▶ **Exercise**:
Search the records for the string "andbT" and copy every line where it turns up.

================

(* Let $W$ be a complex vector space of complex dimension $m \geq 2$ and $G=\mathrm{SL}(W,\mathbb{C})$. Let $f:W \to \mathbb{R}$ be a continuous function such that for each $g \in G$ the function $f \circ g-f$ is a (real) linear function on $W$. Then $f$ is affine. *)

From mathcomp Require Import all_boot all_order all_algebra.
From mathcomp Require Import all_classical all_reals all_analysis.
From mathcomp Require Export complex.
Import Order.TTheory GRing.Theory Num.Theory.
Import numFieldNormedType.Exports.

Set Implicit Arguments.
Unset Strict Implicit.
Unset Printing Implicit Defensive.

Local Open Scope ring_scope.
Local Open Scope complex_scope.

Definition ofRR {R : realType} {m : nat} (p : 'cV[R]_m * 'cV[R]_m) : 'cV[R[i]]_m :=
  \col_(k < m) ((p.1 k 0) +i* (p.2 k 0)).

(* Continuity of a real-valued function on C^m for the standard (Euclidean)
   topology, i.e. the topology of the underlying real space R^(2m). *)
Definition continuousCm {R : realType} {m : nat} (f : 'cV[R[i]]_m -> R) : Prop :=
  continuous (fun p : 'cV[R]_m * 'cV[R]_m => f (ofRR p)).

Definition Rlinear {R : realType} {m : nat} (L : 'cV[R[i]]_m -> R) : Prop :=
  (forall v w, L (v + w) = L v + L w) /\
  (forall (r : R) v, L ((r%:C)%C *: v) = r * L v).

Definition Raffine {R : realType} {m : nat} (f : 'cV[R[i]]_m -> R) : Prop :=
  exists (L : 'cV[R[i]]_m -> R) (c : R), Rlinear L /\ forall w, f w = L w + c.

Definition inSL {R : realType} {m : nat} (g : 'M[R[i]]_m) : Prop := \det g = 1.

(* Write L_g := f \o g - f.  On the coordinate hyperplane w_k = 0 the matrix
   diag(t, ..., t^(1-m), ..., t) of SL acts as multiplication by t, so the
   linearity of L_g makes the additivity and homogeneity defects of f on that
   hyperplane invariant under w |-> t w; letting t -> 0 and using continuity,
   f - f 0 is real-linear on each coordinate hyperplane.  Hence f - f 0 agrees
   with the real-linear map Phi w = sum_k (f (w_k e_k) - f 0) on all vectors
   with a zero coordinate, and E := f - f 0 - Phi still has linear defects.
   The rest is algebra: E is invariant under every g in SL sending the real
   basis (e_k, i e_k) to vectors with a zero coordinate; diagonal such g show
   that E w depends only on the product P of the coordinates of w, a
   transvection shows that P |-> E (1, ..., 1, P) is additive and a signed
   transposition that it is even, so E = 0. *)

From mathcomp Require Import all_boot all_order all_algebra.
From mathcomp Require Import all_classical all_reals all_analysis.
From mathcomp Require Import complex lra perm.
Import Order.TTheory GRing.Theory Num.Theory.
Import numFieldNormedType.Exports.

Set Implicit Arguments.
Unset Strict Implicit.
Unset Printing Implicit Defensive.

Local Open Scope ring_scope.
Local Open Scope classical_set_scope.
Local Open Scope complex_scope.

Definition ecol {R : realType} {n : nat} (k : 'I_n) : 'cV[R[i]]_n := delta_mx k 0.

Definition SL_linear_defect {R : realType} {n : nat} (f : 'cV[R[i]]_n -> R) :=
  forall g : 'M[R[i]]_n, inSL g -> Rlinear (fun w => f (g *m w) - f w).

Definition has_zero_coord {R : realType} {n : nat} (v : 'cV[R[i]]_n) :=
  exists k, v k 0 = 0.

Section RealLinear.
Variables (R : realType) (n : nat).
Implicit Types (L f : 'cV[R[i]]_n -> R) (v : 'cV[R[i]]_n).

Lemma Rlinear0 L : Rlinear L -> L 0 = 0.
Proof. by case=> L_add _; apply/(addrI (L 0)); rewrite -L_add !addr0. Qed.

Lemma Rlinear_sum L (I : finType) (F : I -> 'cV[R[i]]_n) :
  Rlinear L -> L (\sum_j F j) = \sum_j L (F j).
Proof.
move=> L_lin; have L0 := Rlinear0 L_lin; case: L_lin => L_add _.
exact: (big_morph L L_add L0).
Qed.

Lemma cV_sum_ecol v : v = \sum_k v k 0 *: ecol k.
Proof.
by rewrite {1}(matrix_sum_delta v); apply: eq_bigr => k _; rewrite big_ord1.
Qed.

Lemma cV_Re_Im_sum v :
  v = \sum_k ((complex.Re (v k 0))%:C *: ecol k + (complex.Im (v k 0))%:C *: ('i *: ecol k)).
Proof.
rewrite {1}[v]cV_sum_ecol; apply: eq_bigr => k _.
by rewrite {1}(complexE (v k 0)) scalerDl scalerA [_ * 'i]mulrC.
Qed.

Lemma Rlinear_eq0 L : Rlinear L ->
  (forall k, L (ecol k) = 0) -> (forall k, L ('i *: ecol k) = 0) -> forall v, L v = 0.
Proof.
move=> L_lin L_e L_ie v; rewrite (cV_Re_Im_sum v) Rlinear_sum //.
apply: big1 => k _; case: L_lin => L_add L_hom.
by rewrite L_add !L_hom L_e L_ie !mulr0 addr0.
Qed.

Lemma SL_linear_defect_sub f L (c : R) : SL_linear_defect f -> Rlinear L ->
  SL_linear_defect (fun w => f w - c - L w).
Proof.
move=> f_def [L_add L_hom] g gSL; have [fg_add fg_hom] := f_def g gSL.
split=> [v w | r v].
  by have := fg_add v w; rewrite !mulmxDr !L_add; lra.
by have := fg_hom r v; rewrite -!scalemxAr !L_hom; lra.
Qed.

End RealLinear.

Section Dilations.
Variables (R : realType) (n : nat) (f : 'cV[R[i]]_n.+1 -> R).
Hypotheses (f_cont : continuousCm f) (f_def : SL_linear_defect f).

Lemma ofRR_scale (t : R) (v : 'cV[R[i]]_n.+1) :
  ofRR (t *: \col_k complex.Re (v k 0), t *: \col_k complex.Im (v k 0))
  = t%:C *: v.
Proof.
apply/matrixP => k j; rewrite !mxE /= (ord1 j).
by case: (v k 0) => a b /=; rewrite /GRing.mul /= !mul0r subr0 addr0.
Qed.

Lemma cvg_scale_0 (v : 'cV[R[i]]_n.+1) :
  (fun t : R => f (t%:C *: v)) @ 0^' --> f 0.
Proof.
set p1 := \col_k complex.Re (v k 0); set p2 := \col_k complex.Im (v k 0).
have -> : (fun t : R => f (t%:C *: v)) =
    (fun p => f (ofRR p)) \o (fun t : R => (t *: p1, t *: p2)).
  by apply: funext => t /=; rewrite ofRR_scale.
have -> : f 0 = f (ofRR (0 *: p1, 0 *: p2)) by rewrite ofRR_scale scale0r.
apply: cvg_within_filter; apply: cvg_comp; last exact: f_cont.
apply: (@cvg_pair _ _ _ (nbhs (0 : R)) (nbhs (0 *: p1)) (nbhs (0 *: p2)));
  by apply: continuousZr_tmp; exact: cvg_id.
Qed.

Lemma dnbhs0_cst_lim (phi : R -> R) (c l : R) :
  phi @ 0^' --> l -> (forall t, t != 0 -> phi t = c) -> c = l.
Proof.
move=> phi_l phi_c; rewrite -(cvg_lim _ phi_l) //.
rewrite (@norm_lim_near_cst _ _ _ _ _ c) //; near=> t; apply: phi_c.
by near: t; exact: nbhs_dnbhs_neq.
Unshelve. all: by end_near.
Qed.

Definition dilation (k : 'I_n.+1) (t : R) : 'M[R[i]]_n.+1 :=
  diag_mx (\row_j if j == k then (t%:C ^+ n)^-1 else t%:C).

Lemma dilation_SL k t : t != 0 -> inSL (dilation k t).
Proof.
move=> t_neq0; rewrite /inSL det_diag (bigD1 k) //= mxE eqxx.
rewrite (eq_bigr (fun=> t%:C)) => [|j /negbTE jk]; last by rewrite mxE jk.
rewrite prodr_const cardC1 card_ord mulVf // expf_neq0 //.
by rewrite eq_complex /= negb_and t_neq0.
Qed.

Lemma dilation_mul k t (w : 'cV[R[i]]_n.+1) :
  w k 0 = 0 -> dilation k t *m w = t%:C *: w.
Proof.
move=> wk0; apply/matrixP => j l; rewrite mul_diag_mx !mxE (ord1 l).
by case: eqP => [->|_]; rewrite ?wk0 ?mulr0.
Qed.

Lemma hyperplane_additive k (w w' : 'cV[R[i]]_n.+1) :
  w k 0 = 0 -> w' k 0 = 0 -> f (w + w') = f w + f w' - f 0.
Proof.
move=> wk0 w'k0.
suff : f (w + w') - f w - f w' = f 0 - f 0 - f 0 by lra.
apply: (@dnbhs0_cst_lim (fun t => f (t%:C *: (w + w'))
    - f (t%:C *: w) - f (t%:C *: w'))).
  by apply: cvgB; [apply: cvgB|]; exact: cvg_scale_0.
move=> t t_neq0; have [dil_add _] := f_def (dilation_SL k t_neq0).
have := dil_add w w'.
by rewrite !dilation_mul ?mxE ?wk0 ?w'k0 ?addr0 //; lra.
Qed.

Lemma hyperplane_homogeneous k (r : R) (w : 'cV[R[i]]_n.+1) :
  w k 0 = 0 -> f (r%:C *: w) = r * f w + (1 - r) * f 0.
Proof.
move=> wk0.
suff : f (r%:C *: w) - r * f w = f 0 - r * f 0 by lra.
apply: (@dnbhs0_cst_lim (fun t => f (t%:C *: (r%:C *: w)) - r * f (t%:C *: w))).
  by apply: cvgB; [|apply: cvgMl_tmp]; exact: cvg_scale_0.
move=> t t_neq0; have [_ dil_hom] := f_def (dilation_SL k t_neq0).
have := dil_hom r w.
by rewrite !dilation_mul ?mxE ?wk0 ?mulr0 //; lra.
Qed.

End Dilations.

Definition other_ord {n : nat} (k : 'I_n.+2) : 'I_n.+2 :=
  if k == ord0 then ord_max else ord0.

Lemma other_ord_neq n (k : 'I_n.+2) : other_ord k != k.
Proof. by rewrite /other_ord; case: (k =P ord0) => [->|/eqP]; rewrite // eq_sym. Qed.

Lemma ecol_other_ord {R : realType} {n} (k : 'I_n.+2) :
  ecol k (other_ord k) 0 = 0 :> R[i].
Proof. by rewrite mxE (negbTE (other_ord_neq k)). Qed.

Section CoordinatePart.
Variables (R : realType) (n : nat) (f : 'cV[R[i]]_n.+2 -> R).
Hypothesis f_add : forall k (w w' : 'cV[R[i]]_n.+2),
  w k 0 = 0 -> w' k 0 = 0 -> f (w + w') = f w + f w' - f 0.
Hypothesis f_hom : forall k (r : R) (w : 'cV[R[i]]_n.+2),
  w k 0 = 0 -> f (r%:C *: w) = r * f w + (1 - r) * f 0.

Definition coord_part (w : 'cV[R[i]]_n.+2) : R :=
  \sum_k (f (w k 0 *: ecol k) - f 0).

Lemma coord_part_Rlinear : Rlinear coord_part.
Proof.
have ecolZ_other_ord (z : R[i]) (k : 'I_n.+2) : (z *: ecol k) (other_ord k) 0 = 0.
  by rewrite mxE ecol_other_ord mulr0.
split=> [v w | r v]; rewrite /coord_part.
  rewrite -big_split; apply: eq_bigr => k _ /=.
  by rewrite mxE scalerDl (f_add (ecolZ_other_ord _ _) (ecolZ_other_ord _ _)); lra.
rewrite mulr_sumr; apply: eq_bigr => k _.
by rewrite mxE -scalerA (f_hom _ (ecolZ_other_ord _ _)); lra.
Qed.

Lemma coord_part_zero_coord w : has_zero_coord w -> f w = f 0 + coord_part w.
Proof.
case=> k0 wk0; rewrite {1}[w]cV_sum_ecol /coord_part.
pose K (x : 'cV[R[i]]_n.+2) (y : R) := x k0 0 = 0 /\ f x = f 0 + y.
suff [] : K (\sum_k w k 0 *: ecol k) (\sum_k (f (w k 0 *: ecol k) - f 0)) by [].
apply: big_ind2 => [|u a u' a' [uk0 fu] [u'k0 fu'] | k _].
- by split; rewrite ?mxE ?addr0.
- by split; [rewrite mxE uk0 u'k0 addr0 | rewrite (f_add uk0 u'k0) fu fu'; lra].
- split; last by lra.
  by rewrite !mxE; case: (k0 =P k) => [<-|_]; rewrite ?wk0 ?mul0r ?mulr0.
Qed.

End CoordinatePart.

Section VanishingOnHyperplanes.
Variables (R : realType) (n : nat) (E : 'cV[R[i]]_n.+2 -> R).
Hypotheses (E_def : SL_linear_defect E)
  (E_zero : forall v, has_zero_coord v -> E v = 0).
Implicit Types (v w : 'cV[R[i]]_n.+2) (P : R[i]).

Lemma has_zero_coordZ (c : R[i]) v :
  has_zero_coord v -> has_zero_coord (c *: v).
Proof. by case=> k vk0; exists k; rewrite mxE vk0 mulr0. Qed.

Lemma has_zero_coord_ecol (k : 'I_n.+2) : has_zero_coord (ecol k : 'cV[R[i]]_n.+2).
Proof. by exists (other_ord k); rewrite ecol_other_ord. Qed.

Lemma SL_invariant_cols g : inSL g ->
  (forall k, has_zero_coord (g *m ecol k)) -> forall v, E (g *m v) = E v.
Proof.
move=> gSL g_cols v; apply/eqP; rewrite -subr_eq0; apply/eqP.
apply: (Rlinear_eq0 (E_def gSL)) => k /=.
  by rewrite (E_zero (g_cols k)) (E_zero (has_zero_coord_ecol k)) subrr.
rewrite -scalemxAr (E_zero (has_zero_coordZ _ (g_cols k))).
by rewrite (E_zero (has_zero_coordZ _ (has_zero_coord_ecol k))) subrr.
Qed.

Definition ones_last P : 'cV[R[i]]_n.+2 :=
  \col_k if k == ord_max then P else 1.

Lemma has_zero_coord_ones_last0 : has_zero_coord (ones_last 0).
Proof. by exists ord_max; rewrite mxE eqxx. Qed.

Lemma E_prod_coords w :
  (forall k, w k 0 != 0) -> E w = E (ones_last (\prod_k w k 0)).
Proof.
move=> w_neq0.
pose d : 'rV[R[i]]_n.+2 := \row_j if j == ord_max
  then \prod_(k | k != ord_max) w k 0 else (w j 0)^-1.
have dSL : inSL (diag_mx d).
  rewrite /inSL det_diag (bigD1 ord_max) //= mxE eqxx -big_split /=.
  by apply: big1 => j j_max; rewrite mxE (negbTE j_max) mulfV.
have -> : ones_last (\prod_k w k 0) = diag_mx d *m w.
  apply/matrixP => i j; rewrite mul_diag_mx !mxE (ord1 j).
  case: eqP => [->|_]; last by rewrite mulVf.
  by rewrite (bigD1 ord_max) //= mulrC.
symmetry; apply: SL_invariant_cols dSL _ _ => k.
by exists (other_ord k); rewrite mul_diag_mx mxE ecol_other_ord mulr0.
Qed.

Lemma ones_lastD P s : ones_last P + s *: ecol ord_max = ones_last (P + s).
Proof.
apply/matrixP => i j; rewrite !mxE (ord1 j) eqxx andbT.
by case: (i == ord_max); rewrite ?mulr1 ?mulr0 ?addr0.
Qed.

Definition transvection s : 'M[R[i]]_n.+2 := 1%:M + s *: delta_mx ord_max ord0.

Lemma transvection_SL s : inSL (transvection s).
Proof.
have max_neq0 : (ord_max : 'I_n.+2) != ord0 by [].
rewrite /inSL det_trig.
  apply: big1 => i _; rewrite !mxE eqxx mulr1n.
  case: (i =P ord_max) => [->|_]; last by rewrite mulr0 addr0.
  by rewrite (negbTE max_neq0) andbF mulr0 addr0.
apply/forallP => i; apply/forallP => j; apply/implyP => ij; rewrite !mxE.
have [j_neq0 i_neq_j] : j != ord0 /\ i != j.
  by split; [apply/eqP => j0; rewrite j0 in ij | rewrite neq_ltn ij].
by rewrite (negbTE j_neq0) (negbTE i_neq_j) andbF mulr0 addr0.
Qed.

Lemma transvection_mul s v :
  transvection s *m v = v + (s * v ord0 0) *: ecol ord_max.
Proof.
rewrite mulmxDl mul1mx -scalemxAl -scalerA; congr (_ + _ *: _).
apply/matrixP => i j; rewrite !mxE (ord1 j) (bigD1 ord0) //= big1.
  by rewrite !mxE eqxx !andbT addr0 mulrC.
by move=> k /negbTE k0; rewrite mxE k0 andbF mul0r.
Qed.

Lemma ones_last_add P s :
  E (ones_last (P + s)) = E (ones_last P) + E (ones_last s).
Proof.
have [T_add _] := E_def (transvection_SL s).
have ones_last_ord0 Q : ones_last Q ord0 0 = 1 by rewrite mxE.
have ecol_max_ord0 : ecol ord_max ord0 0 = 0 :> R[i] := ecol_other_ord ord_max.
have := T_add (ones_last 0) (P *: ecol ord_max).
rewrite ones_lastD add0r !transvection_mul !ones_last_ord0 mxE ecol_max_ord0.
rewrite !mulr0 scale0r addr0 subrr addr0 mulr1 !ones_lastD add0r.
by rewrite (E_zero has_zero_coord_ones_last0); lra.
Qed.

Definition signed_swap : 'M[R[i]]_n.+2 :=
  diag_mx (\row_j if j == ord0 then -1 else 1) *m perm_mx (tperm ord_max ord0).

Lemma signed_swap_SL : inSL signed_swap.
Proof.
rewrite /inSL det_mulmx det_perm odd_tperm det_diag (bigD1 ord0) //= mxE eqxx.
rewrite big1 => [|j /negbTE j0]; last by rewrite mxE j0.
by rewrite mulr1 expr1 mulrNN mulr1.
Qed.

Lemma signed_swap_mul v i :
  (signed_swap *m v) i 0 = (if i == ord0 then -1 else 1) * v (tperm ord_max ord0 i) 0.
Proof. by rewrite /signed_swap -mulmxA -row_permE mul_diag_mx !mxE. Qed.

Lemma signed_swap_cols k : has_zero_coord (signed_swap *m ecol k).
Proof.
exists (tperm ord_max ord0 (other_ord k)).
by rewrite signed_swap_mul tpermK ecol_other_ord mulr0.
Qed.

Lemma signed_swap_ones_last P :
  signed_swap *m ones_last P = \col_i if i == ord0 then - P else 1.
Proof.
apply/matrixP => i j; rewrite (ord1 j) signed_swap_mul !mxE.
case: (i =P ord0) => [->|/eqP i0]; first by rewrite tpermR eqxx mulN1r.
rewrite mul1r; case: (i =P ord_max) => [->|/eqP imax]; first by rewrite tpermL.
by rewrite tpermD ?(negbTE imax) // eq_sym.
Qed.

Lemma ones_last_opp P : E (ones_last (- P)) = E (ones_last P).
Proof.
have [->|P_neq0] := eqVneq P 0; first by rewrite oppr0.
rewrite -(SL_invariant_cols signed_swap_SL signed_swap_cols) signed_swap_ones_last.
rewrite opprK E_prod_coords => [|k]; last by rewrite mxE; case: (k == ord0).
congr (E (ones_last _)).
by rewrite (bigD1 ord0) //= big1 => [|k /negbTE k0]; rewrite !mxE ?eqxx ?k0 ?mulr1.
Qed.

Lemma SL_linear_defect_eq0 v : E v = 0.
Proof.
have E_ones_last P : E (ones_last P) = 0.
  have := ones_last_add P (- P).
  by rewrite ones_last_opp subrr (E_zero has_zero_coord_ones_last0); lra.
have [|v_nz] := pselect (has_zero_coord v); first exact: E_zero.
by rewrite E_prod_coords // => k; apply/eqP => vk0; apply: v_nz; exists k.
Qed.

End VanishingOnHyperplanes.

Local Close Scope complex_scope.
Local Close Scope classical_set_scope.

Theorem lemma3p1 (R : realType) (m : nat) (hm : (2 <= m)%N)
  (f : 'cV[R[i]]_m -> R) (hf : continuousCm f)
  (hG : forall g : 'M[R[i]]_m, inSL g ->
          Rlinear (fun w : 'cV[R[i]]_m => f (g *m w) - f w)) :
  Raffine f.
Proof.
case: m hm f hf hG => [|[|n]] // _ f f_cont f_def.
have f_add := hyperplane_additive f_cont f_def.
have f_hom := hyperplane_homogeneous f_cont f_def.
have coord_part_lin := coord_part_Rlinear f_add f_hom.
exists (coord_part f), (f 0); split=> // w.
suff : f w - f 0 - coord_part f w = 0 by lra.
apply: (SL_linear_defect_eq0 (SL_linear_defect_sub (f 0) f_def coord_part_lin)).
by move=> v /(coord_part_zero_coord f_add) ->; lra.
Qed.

================

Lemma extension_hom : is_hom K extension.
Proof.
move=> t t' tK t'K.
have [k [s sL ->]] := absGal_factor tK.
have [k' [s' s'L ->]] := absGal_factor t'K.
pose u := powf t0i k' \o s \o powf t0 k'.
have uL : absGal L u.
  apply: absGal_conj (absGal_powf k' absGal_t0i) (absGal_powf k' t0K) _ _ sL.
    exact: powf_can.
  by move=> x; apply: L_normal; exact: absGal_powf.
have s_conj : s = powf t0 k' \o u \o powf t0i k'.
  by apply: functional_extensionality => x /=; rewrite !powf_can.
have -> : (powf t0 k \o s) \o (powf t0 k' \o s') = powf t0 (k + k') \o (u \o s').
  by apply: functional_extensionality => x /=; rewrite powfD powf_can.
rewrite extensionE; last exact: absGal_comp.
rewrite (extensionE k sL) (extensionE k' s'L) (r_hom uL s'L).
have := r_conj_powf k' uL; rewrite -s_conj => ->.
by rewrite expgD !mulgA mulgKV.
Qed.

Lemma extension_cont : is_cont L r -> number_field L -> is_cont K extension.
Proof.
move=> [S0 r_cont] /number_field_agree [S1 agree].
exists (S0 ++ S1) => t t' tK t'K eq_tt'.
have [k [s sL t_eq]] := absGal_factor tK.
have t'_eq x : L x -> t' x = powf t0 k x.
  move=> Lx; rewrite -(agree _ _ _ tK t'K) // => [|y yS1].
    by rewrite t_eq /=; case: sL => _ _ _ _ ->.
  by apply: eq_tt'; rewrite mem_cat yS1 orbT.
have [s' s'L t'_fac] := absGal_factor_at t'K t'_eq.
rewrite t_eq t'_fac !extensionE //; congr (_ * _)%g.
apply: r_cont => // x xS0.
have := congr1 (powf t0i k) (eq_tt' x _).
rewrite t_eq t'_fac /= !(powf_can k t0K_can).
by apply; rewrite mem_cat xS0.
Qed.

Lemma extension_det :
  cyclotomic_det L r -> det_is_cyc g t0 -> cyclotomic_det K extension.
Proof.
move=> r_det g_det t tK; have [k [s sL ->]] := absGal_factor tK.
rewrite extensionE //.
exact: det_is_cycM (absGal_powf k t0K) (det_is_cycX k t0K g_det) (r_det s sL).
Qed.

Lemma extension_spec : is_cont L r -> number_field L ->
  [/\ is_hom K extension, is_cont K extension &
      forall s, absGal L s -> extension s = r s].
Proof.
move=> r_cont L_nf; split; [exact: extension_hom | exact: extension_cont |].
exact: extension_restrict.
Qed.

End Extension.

================

▶ **Answer for this exercise**:
apply/matrixP => i j; rewrite !mxE (ord1 j) eqxx andbT.
  by rewrite !mxE eqxx !andbT addr0 mulrC.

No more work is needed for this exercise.